**Entries supplied**
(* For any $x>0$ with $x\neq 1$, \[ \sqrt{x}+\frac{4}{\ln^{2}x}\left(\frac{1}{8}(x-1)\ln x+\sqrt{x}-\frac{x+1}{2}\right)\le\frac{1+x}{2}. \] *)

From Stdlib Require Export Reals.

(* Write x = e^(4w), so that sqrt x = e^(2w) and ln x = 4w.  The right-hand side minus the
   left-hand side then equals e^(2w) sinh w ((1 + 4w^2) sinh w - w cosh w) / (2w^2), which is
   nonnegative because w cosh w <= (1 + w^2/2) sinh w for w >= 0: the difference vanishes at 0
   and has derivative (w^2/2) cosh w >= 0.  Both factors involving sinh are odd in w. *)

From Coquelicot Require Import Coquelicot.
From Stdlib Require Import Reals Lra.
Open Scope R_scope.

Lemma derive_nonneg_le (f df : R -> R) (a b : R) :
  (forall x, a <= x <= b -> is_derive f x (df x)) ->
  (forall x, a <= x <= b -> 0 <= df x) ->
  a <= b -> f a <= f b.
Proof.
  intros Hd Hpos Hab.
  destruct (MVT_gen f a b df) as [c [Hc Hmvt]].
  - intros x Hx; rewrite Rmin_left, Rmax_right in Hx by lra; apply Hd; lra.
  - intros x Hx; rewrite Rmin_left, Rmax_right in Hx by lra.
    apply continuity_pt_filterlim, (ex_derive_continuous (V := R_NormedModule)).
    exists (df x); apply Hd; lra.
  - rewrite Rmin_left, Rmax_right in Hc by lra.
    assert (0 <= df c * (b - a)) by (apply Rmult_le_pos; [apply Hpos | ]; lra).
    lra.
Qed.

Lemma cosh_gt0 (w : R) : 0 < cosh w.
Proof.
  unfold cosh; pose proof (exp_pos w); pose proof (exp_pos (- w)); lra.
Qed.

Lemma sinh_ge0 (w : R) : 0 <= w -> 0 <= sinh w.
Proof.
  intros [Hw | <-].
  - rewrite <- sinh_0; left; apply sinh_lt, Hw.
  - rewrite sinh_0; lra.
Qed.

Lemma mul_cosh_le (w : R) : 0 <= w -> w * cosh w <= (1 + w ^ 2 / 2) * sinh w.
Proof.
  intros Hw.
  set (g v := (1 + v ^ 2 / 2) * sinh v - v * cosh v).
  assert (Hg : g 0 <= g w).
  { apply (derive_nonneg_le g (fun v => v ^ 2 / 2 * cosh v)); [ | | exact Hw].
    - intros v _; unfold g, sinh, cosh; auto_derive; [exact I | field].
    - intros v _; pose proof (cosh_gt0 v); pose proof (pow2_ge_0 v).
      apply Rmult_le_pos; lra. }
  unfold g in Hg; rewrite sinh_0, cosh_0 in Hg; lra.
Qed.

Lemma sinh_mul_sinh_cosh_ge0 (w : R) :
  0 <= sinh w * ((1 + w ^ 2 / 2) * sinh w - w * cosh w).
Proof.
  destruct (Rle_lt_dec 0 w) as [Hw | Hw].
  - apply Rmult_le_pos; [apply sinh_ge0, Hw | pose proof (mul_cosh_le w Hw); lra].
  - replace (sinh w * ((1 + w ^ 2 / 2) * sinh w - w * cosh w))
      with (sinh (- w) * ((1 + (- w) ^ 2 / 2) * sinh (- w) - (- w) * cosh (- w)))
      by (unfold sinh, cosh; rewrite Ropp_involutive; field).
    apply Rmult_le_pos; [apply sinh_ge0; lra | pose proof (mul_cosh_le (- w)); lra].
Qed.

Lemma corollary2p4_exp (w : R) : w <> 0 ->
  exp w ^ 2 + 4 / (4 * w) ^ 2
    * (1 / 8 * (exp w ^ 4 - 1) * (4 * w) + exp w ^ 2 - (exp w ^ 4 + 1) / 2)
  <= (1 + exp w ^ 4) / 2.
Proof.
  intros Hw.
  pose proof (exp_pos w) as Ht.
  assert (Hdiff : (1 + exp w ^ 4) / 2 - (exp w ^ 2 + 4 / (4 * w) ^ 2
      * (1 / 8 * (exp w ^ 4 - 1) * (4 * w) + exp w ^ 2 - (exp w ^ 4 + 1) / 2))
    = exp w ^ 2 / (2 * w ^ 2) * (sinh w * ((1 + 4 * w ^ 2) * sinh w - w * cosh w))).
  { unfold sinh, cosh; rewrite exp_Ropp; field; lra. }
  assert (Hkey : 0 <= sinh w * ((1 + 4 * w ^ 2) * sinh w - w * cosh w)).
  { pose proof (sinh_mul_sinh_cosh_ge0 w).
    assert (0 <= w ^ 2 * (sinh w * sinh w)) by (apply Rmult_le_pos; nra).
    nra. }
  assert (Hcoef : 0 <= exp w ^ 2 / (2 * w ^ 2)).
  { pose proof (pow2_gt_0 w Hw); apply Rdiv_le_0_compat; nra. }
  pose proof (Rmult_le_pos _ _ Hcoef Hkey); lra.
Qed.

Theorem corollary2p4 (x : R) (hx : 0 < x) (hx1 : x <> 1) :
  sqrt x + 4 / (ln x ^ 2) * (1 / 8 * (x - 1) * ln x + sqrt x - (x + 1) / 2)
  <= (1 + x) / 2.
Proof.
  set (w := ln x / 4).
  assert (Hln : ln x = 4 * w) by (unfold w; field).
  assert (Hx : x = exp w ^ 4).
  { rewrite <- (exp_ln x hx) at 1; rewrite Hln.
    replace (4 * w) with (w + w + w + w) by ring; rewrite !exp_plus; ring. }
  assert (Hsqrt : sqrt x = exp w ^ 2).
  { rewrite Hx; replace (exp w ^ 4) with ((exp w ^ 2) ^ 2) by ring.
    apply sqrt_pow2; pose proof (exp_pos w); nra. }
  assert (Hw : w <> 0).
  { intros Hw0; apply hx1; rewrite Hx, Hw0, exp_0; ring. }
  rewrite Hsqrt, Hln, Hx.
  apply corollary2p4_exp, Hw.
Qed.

**About this exercise**
From the entries above, restate word for word the lines from the line containing "Lemma sinh_ge0 (w" to the line containing "(exp w ^ 4 + 1) / 2))", both ends included, and nothing more.

**Output below**
Lemma sinh_ge0 (w : R) : 0 <= w -> 0 <= sinh w.
Proof.
  intros [Hw | <-].
  - rewrite <- sinh_0; left; apply sinh_lt, Hw.
  - rewrite sinh_0; lra.
Qed.

Lemma mul_cosh_le (w : R) : 0 <= w -> w * cosh w <= (1 + w ^ 2 / 2) * sinh w.
Proof.
  intros Hw.
  set (g v := (1 + v ^ 2 / 2) * sinh v - v * cosh v).
  assert (Hg : g 0 <= g w).
  { apply (derive_nonneg_le g (fun v => v ^ 2 / 2 * cosh v)); [ | | exact Hw].
    - intros v _; unfold g, sinh, cosh; auto_derive; [exact I | field].
    - intros v _; pose proof (cosh_gt0 v); pose proof (pow2_ge_0 v).
      apply Rmult_le_pos; lra. }
  unfold g in Hg; rewrite sinh_0, cosh_0 in Hg; lra.
Qed.

Lemma sinh_mul_sinh_cosh_ge0 (w : R) :
  0 <= sinh w * ((1 + w ^ 2 / 2) * sinh w - w * cosh w).
Proof.
  destruct (Rle_lt_dec 0 w) as [Hw | Hw].
  - apply Rmult_le_pos; [apply sinh_ge0, Hw | pose proof (mul_cosh_le w Hw); lra].
  - replace (sinh w * ((1 + w ^ 2 / 2) * sinh w - w * cosh w))
      with (sinh (- w) * ((1 + (- w) ^ 2 / 2) * sinh (- w) - (- w) * cosh (- w)))
      by (unfold sinh, cosh; rewrite Ropp_involutive; field).
    apply Rmult_le_pos; [apply sinh_ge0; lra | pose proof (mul_cosh_le (- w)); lra].
Qed.

Lemma corollary2p4_exp (w : R) : w <> 0 ->
  exp w ^ 2 + 4 / (4 * w) ^ 2
    * (1 / 8 * (exp w ^ 4 - 1) * (4 * w) + exp w ^ 2 - (exp w ^ 4 + 1) / 2)
  <= (1 + exp w ^ 4) / 2.
Proof.
  intros Hw.
  pose proof (exp_pos w) as Ht.
  assert (Hdiff : (1 + exp w ^ 4) / 2 - (exp w ^ 2 + 4 / (4 * w) ^ 2
      * (1 / 8 * (exp w ^ 4 - 1) * (4 * w) + exp w ^ 2 - (exp w ^ 4 + 1) / 2))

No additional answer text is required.